_REQUIRED WORK_.
The entries below hold a line with "let u := (inl t : vert) in" and a line with "End Online.". Return those lines and all that lie between them, exactly and only.

_MATERIAL FOR THIS EXERCISE_.
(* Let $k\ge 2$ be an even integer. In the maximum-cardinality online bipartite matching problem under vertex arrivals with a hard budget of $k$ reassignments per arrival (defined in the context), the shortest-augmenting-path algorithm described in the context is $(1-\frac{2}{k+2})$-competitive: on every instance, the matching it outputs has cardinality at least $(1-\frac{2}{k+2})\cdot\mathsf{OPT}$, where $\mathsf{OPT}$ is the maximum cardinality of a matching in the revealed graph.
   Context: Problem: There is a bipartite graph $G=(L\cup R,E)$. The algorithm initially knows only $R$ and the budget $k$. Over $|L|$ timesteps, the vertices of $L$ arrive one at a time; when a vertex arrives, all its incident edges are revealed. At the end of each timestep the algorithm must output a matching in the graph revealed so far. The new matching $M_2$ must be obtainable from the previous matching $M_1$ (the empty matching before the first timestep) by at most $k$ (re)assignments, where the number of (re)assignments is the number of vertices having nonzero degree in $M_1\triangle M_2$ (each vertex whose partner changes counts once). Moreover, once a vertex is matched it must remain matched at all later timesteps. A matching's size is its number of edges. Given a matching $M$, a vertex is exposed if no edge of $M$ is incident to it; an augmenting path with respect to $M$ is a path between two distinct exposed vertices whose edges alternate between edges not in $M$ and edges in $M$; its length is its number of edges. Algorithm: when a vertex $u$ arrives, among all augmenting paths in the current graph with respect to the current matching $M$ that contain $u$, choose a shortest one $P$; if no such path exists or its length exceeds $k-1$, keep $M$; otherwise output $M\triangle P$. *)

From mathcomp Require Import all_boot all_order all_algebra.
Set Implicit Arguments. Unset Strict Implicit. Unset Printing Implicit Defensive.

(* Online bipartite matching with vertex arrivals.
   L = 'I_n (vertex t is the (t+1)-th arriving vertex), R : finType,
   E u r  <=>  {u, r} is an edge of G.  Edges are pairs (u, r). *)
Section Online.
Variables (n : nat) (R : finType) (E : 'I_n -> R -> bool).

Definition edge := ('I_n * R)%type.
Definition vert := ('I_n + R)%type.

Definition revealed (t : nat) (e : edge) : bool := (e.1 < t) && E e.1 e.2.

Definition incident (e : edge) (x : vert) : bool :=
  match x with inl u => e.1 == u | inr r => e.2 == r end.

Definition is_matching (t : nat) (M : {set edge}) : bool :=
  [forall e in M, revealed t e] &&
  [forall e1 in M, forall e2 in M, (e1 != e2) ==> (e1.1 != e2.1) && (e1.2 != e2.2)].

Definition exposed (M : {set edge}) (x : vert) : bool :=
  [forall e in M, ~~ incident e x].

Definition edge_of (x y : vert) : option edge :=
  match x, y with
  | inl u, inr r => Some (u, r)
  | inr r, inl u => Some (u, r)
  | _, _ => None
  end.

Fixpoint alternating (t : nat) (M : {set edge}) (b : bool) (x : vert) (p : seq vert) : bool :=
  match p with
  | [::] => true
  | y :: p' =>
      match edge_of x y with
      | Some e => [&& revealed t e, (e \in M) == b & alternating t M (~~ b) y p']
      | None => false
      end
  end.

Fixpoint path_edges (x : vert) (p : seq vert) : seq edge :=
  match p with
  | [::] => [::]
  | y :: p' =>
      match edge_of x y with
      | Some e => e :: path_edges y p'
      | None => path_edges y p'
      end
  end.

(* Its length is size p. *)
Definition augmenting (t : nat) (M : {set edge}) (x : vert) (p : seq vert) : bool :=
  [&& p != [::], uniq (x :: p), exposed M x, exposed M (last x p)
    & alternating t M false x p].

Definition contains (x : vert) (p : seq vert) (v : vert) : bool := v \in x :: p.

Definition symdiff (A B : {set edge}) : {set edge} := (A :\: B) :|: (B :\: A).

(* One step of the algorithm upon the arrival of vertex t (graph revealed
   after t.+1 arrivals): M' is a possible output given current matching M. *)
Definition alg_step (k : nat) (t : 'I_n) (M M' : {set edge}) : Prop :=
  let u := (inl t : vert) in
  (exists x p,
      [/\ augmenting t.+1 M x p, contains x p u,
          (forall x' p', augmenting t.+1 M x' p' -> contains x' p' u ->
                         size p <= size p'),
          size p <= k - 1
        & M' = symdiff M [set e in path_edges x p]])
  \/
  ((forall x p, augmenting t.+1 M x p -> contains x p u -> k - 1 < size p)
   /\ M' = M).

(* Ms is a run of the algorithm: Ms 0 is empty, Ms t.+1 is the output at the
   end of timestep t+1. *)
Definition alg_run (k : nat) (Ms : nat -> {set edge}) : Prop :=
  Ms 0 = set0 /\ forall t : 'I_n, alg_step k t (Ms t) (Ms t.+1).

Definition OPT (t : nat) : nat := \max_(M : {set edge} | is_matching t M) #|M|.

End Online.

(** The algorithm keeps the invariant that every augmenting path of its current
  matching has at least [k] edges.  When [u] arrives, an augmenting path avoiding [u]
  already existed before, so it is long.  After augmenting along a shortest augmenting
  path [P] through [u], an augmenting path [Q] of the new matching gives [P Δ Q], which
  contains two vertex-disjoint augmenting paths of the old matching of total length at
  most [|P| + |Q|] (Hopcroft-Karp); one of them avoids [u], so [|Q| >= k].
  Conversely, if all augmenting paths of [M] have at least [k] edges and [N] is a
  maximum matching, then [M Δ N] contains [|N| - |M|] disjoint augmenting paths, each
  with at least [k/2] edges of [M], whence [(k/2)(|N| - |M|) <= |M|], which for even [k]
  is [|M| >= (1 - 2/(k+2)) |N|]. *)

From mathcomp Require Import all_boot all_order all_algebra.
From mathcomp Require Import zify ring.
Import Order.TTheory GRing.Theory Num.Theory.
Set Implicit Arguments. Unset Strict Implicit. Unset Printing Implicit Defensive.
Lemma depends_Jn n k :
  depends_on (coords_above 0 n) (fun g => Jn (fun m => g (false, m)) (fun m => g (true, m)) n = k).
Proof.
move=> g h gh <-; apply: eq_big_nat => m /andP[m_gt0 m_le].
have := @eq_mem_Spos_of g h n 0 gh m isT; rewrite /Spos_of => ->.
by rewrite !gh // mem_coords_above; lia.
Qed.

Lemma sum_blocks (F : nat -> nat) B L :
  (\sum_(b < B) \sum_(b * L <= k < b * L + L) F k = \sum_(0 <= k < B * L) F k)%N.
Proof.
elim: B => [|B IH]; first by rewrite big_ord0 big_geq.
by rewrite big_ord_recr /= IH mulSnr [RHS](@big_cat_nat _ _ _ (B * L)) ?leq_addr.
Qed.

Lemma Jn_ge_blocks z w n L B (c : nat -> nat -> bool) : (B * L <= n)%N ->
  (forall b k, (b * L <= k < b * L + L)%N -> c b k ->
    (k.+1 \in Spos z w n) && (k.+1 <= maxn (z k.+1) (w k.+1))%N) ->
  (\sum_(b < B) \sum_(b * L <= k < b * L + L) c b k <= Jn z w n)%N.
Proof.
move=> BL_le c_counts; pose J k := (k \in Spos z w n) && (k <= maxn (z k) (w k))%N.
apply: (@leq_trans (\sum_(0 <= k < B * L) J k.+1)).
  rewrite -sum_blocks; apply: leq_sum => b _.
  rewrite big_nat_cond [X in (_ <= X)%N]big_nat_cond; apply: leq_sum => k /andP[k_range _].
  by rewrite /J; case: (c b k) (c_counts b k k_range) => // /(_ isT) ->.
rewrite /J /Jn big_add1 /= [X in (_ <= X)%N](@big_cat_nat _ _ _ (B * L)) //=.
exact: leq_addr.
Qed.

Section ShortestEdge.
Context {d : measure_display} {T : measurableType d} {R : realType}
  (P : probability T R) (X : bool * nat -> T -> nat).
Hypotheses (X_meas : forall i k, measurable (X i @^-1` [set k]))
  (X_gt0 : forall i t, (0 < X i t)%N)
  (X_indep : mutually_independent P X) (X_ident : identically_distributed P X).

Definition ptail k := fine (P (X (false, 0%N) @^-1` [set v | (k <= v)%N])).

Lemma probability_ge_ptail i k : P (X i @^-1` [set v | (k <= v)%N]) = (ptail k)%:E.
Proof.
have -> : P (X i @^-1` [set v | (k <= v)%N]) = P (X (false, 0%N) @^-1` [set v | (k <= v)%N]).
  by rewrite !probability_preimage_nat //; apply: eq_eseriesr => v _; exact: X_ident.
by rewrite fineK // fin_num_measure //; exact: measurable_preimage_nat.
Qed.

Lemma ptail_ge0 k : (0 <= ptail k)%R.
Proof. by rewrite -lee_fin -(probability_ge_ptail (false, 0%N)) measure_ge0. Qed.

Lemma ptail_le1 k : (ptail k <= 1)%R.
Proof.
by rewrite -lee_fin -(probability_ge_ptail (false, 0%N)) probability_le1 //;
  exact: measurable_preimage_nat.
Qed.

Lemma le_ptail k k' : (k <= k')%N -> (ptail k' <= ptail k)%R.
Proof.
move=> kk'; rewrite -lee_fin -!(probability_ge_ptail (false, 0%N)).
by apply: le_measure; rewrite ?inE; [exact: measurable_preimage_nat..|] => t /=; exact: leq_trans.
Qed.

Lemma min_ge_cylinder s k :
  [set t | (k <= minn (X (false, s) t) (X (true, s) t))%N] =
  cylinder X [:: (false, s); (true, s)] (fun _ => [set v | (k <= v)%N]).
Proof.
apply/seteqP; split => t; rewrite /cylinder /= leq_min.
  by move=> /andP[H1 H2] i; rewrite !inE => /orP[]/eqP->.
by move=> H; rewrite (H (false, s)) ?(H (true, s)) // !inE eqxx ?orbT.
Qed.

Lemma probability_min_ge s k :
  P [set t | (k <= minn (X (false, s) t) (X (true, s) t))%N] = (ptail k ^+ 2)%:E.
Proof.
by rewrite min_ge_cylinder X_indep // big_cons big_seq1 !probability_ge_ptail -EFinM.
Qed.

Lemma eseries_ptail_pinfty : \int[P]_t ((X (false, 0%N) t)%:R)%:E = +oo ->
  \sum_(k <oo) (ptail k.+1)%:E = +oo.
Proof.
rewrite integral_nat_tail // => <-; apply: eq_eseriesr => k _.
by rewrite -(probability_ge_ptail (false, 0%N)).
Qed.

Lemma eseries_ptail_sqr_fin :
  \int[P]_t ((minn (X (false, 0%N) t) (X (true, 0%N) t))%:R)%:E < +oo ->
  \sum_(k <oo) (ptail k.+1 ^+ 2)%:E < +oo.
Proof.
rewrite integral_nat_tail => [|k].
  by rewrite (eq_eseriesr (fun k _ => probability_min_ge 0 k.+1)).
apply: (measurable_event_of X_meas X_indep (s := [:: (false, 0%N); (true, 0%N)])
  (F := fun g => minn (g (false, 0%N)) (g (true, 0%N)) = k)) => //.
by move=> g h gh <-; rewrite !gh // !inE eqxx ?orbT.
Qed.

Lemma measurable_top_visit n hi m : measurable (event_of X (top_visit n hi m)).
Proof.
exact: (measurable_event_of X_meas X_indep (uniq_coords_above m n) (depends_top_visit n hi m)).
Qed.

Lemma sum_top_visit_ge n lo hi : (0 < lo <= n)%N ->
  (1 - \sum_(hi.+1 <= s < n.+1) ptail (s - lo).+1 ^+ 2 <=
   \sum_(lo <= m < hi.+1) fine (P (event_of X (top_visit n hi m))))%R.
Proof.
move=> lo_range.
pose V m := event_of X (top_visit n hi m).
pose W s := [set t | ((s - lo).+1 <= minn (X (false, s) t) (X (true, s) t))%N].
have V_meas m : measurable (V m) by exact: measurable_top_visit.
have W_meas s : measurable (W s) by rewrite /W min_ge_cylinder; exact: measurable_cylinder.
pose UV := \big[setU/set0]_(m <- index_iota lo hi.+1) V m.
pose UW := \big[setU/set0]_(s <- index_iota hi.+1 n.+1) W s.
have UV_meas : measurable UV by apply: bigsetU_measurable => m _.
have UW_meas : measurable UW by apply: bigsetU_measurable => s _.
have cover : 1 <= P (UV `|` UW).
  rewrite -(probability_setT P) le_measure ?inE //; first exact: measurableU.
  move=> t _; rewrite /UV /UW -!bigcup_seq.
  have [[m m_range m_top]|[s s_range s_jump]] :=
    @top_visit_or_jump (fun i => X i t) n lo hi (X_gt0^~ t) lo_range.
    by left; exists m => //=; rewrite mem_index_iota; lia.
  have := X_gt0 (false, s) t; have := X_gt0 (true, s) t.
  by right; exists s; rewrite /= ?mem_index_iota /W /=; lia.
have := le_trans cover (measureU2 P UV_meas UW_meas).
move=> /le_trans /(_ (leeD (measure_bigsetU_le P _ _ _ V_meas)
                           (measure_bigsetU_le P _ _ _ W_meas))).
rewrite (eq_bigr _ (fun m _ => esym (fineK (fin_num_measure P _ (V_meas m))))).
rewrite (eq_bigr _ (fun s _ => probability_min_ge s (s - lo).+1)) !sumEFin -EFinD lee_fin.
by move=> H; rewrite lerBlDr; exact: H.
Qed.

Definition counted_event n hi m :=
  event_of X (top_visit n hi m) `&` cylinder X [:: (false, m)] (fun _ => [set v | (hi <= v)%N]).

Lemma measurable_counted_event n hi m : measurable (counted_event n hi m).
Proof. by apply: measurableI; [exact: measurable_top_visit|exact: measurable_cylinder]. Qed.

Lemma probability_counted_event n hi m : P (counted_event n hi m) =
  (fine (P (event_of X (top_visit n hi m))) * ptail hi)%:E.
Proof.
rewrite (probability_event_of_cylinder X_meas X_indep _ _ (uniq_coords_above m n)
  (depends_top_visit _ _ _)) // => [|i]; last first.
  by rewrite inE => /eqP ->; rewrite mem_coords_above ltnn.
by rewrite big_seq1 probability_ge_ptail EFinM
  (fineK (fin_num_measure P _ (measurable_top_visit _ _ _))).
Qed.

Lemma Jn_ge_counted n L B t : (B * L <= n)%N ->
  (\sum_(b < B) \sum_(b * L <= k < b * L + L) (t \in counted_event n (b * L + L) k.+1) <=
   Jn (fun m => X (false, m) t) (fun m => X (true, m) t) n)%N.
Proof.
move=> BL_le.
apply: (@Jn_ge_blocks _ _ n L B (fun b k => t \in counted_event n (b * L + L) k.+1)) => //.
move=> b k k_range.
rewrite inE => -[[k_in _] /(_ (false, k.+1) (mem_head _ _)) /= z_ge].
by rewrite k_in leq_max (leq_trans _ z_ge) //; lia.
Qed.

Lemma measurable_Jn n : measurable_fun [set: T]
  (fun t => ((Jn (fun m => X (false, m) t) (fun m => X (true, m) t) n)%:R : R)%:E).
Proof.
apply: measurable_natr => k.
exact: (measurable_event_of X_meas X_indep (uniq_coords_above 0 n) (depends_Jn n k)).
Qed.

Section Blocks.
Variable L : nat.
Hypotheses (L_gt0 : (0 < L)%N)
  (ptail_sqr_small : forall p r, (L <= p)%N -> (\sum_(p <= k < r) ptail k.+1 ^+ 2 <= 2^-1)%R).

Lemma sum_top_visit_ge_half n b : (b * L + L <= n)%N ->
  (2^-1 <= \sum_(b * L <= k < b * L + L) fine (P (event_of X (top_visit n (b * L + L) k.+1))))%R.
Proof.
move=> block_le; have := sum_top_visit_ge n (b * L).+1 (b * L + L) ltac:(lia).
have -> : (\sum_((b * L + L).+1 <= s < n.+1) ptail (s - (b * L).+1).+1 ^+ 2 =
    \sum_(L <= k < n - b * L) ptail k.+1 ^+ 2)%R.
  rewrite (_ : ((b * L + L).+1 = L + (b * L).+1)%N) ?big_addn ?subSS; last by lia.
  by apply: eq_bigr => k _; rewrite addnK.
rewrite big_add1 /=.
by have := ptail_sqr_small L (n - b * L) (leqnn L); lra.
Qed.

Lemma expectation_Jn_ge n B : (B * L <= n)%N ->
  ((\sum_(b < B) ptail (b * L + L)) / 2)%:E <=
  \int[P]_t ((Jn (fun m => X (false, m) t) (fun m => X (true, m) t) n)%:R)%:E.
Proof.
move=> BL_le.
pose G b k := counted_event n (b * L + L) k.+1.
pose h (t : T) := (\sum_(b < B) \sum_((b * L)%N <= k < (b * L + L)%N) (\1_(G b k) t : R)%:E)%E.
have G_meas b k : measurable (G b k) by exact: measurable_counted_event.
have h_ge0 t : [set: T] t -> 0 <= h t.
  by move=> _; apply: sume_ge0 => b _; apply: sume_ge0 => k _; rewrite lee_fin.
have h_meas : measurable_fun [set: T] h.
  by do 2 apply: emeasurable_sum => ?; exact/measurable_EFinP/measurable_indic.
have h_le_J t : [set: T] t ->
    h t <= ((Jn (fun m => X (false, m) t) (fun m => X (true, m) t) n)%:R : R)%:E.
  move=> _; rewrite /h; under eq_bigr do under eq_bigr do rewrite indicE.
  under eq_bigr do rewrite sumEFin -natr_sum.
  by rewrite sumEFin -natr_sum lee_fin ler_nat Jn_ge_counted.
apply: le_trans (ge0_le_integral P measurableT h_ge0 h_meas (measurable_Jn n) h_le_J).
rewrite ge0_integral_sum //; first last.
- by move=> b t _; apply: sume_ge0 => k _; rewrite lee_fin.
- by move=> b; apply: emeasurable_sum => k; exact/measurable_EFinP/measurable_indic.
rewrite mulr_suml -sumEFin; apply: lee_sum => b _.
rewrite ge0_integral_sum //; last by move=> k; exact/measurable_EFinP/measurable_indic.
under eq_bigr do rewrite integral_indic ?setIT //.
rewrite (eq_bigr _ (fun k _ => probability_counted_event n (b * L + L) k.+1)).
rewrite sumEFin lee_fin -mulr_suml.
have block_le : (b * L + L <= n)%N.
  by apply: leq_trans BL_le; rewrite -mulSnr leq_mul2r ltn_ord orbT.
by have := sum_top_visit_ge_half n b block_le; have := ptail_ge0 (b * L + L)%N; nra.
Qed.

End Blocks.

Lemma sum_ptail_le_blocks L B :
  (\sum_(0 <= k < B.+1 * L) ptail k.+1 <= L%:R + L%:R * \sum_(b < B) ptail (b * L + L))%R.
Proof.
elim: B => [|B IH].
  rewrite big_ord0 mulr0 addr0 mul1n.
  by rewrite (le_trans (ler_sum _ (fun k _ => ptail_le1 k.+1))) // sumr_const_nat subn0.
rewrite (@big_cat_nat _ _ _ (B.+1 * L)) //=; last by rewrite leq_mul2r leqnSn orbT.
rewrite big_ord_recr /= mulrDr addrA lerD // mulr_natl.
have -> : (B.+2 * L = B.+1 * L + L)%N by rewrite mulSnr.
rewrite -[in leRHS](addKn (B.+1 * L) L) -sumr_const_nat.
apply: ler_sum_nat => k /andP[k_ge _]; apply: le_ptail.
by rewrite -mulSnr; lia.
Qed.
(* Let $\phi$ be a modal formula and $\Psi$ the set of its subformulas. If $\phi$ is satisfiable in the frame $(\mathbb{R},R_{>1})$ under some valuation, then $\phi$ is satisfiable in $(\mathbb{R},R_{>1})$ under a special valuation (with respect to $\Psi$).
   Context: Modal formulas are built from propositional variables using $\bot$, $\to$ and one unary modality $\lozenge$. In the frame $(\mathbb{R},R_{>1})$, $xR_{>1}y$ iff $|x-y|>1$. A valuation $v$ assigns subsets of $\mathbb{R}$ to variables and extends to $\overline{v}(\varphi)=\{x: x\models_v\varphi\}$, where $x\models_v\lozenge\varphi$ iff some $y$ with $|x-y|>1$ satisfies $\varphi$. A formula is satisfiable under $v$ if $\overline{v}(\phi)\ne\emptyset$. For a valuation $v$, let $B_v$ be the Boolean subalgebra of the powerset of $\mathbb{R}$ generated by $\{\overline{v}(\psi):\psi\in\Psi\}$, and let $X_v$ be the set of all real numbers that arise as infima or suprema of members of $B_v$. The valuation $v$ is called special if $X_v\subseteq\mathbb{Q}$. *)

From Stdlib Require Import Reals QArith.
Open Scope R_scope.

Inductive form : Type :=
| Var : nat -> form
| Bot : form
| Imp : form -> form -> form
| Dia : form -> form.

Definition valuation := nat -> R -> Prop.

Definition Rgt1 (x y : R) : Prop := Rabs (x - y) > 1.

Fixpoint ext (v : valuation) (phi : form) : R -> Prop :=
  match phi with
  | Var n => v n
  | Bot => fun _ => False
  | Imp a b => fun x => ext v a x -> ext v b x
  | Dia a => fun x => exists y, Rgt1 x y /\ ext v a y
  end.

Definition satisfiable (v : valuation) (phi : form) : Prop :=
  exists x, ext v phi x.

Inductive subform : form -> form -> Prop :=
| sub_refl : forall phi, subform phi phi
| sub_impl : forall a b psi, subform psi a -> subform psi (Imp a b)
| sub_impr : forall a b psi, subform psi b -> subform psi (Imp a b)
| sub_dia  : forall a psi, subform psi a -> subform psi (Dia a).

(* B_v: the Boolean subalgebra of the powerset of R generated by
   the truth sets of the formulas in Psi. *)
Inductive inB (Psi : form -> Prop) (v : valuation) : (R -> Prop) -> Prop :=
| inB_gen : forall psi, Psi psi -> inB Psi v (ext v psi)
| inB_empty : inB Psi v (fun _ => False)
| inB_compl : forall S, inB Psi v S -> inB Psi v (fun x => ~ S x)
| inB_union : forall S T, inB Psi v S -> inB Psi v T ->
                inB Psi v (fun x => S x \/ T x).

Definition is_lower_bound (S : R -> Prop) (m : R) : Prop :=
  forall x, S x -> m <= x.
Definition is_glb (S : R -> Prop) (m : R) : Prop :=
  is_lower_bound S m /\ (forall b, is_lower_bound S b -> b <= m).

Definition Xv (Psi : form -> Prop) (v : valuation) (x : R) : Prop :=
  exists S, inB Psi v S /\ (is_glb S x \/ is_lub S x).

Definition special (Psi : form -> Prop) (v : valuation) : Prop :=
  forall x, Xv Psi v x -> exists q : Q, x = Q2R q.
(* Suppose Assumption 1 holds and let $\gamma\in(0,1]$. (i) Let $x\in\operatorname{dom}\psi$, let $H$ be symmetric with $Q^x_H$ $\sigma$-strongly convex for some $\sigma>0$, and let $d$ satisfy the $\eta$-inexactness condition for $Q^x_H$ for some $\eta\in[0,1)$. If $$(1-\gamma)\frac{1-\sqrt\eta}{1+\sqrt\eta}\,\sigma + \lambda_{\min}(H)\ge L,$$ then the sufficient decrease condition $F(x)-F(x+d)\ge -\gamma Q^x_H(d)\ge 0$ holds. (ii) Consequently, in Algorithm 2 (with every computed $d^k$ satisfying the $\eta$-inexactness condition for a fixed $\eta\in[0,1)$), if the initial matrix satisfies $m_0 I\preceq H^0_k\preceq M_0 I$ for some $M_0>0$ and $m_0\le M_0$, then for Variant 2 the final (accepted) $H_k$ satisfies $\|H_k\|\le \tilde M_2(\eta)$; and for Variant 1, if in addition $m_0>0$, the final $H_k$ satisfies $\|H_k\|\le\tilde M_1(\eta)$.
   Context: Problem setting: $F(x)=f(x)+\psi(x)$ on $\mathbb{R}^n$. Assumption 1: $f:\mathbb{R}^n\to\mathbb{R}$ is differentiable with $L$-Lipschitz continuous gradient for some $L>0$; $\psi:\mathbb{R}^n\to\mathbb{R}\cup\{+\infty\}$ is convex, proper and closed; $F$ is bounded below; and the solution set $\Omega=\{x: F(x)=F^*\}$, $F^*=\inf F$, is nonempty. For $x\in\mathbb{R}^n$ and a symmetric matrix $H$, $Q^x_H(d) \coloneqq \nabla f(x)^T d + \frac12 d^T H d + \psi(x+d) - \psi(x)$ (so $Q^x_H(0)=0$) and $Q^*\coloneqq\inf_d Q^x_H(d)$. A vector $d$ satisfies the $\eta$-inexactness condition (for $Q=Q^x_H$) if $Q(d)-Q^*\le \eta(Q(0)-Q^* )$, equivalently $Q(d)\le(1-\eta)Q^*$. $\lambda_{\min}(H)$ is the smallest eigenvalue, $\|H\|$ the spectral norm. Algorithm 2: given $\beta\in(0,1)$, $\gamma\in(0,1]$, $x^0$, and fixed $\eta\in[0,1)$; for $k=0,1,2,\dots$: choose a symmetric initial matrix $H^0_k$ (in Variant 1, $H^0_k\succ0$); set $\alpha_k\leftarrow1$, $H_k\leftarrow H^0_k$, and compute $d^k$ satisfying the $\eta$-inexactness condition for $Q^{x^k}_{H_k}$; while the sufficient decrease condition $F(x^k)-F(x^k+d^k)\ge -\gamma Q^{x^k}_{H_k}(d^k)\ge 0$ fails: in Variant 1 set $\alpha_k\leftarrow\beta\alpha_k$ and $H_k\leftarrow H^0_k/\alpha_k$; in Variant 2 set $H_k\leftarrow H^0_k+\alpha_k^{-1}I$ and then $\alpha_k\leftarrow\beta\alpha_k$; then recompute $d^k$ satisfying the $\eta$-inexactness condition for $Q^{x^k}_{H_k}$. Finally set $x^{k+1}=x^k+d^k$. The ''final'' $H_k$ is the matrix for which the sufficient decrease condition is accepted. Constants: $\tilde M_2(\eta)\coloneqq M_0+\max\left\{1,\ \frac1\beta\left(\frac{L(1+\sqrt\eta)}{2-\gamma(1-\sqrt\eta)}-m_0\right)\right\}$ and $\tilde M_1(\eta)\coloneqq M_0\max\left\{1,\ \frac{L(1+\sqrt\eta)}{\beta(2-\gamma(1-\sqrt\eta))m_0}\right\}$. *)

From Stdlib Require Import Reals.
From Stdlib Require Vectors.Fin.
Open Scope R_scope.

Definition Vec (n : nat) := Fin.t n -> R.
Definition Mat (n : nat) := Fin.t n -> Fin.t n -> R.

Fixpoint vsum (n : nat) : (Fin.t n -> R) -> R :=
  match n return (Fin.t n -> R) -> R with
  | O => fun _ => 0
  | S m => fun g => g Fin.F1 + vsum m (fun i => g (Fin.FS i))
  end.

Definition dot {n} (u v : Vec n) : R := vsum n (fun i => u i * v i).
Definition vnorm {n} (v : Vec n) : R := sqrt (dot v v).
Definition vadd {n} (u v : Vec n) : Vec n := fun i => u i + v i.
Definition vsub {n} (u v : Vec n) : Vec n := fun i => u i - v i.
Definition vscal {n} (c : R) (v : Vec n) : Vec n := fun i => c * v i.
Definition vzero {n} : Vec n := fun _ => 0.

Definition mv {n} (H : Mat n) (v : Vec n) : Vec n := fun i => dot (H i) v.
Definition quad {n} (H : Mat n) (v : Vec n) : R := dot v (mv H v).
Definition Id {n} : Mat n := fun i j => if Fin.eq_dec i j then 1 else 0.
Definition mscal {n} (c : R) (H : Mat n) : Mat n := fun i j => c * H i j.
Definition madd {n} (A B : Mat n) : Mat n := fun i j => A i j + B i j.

_OUTPUT OF THE EXERCISE_.
  let u := (inl t : vert) in
  (exists x p,
      [/\ augmenting t.+1 M x p, contains x p u,
          (forall x' p', augmenting t.+1 M x' p' -> contains x' p' u ->
                         size p <= size p'),
          size p <= k - 1
        & M' = symdiff M [set e in path_edges x p]])
  \/
  ((forall x p, augmenting t.+1 M x p -> contains x p u -> k - 1 < size p)
   /\ M' = M).

(* Ms is a run of the algorithm: Ms 0 is empty, Ms t.+1 is the output at the
   end of timestep t+1. *)
Definition alg_run (k : nat) (Ms : nat -> {set edge}) : Prop :=
  Ms 0 = set0 /\ forall t : 'I_n, alg_step k t (Ms t) (Ms t.+1).

Definition OPT (t : nat) : nat := \max_(M : {set edge} | is_matching t M) #|M|.

End Online.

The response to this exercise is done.